» TASK TO COMPLETE
Set down exactly the lines in the records below that run from the line with "move=> uB vB;" to the line with "have [nv | vn]", inclusive, and nothing more.

Dataset entries:
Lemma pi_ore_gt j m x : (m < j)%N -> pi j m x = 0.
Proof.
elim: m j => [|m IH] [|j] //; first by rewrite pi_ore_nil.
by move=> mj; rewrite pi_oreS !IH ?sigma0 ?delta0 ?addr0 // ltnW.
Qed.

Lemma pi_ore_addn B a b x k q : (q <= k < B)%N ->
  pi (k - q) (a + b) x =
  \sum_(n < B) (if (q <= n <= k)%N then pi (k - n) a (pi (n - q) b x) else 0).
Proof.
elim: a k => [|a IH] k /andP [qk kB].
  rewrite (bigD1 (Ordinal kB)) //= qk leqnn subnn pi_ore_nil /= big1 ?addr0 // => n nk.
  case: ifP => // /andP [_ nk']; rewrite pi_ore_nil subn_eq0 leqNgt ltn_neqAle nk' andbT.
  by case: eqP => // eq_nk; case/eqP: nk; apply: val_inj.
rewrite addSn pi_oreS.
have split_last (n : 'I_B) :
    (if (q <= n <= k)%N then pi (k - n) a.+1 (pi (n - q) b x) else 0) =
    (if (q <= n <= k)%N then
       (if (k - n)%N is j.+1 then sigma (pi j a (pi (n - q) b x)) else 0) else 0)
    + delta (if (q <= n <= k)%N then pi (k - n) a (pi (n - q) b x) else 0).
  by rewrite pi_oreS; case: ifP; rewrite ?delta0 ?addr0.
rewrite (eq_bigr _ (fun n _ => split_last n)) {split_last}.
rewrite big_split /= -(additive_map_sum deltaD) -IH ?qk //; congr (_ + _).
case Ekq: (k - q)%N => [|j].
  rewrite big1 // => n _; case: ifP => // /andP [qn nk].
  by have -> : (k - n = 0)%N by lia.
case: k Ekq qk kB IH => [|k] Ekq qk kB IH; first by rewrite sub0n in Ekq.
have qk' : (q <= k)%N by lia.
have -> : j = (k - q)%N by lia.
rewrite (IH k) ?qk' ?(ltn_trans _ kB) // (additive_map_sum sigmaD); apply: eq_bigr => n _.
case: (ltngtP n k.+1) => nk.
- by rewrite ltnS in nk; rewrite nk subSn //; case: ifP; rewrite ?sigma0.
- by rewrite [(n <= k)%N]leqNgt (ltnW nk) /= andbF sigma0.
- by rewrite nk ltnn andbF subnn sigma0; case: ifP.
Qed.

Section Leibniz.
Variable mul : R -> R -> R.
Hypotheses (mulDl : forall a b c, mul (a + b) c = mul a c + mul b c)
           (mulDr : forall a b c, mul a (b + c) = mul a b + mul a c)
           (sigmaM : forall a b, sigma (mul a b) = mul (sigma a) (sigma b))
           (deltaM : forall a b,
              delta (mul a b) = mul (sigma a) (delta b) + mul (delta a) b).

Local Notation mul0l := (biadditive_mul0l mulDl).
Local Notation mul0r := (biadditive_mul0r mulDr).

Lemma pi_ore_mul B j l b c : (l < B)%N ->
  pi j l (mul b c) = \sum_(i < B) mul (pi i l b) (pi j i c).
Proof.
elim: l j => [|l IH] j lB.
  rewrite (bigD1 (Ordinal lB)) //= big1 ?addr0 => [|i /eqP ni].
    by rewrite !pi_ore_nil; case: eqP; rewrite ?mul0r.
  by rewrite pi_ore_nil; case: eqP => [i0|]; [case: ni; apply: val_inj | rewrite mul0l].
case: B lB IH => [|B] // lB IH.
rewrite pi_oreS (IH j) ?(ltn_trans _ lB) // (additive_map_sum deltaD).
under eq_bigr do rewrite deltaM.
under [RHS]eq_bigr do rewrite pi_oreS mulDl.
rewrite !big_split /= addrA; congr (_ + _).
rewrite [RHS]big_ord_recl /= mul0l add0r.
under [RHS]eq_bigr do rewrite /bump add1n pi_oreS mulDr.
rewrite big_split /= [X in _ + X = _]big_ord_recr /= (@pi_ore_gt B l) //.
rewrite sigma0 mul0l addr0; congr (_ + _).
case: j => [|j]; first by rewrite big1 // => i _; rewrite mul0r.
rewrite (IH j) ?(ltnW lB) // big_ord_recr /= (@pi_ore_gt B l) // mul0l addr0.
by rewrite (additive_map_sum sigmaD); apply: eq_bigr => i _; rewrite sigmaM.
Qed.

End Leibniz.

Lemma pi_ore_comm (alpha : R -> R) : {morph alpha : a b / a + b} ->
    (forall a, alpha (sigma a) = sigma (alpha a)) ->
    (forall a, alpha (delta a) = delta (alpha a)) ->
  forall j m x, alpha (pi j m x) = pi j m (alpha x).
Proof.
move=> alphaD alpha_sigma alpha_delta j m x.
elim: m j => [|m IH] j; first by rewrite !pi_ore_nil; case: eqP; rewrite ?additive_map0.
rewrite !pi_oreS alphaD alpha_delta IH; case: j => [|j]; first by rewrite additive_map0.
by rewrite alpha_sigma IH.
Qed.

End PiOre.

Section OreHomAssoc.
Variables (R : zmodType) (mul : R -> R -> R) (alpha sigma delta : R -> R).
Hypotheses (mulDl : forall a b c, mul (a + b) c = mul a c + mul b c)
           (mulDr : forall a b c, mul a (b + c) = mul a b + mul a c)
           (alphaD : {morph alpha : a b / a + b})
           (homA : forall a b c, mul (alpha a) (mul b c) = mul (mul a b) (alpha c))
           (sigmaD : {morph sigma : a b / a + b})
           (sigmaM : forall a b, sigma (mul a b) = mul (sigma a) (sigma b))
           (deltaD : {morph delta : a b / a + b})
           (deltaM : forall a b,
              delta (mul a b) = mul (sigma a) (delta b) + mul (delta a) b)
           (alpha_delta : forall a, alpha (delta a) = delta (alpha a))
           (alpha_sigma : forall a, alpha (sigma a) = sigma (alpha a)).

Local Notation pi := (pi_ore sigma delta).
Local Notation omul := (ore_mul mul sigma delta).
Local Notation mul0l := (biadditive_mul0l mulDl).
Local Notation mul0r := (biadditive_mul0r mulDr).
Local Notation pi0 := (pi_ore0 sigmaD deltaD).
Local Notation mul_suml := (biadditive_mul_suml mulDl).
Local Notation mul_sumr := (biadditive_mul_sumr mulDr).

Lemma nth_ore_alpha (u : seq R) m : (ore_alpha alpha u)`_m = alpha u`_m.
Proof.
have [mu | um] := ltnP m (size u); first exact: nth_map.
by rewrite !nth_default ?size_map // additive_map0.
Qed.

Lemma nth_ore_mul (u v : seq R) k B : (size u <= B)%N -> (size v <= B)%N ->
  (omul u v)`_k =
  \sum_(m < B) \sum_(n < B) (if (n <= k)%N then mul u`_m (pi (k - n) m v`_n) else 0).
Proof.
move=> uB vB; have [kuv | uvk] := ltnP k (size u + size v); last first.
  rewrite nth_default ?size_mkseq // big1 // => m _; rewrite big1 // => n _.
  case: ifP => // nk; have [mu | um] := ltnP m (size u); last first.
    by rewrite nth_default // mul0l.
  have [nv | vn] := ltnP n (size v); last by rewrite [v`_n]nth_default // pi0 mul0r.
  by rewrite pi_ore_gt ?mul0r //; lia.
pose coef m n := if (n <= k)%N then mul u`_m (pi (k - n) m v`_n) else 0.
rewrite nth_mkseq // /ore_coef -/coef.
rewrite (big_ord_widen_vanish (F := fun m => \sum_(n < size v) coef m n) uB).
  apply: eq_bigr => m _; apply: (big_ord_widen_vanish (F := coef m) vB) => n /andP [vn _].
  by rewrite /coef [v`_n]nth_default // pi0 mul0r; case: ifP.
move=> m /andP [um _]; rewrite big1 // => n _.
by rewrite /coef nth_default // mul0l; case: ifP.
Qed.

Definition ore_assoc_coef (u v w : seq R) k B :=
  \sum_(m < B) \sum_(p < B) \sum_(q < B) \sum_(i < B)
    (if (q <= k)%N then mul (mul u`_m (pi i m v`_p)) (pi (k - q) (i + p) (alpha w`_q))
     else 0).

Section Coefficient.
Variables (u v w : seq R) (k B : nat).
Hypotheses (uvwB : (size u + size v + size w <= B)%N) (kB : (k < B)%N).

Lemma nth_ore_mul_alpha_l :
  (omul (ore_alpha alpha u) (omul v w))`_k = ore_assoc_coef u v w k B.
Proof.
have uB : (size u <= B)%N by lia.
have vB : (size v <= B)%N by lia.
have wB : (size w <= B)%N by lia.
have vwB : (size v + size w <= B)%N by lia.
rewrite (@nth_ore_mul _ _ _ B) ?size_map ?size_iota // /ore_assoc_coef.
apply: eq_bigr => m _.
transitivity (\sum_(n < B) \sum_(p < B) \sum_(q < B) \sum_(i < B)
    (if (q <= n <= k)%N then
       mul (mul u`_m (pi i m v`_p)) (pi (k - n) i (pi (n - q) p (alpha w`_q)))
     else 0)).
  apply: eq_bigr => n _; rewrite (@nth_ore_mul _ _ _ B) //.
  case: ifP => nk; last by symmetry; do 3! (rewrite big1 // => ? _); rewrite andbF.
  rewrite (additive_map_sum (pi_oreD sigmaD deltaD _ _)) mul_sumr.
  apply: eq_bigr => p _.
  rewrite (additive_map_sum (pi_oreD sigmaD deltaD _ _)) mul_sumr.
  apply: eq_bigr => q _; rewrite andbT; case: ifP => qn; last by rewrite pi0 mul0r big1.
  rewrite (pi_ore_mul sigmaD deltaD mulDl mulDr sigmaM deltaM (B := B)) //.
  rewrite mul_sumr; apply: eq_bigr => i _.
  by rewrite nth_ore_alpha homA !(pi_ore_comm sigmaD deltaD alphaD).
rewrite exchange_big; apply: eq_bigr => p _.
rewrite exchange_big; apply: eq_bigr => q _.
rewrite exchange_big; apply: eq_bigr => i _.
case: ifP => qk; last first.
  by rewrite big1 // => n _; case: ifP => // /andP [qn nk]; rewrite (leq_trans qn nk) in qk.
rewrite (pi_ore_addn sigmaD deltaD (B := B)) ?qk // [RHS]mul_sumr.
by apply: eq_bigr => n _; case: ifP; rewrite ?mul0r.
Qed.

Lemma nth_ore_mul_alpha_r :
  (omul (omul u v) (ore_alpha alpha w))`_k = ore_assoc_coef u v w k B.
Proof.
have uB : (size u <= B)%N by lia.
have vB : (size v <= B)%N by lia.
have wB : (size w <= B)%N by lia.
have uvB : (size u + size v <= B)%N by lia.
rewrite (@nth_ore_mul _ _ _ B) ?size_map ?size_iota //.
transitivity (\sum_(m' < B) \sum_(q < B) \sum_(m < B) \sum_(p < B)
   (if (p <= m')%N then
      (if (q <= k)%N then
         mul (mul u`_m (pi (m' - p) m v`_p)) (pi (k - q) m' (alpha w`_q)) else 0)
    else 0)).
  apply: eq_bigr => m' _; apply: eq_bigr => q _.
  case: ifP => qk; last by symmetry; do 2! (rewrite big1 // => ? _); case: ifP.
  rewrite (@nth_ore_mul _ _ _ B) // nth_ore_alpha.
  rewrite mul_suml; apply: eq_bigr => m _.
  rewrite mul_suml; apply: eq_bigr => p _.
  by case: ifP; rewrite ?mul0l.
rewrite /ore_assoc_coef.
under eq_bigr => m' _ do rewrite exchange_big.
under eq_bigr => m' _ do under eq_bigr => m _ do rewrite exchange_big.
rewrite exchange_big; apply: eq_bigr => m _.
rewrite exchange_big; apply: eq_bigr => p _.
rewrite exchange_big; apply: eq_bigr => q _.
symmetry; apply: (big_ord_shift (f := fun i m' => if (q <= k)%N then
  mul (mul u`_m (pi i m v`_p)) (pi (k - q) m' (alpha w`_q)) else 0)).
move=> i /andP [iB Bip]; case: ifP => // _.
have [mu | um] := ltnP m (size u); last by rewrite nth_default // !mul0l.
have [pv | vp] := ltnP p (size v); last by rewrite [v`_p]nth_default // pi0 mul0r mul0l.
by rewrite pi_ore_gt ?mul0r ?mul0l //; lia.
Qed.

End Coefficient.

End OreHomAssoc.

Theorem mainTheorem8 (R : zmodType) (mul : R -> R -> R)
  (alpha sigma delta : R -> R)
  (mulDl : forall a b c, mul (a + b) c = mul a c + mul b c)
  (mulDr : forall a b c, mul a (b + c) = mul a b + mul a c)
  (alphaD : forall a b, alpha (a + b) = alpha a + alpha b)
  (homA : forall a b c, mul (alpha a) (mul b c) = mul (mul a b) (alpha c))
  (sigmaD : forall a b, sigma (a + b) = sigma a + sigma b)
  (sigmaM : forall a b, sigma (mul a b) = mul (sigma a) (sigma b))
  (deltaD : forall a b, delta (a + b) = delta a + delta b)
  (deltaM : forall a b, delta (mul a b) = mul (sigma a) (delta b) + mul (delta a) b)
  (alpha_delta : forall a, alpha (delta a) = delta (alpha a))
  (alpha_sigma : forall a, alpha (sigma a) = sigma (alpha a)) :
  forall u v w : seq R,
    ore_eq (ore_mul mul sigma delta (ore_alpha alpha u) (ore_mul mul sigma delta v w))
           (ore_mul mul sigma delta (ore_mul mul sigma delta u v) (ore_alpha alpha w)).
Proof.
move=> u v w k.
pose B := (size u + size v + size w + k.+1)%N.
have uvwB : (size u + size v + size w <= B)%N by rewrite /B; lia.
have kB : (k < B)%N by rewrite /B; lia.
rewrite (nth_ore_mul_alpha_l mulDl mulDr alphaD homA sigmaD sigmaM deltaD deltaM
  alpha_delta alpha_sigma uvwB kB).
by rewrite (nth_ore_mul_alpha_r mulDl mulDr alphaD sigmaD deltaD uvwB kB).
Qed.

» TASK RESPONSE
move=> uB vB; have [kuv | uvk] := ltnP k (size u + size v); last first.
  rewrite nth_default ?size_mkseq // big1 // => m _; rewrite big1 // => n _.
  case: ifP => // nk; have [mu | um] := ltnP m (size u); last first.
    by rewrite nth_default // mul0l.
  have [nv | vn] := ltnP n (size v); last by rewrite [v`_n]nth_default // pi0 mul0r.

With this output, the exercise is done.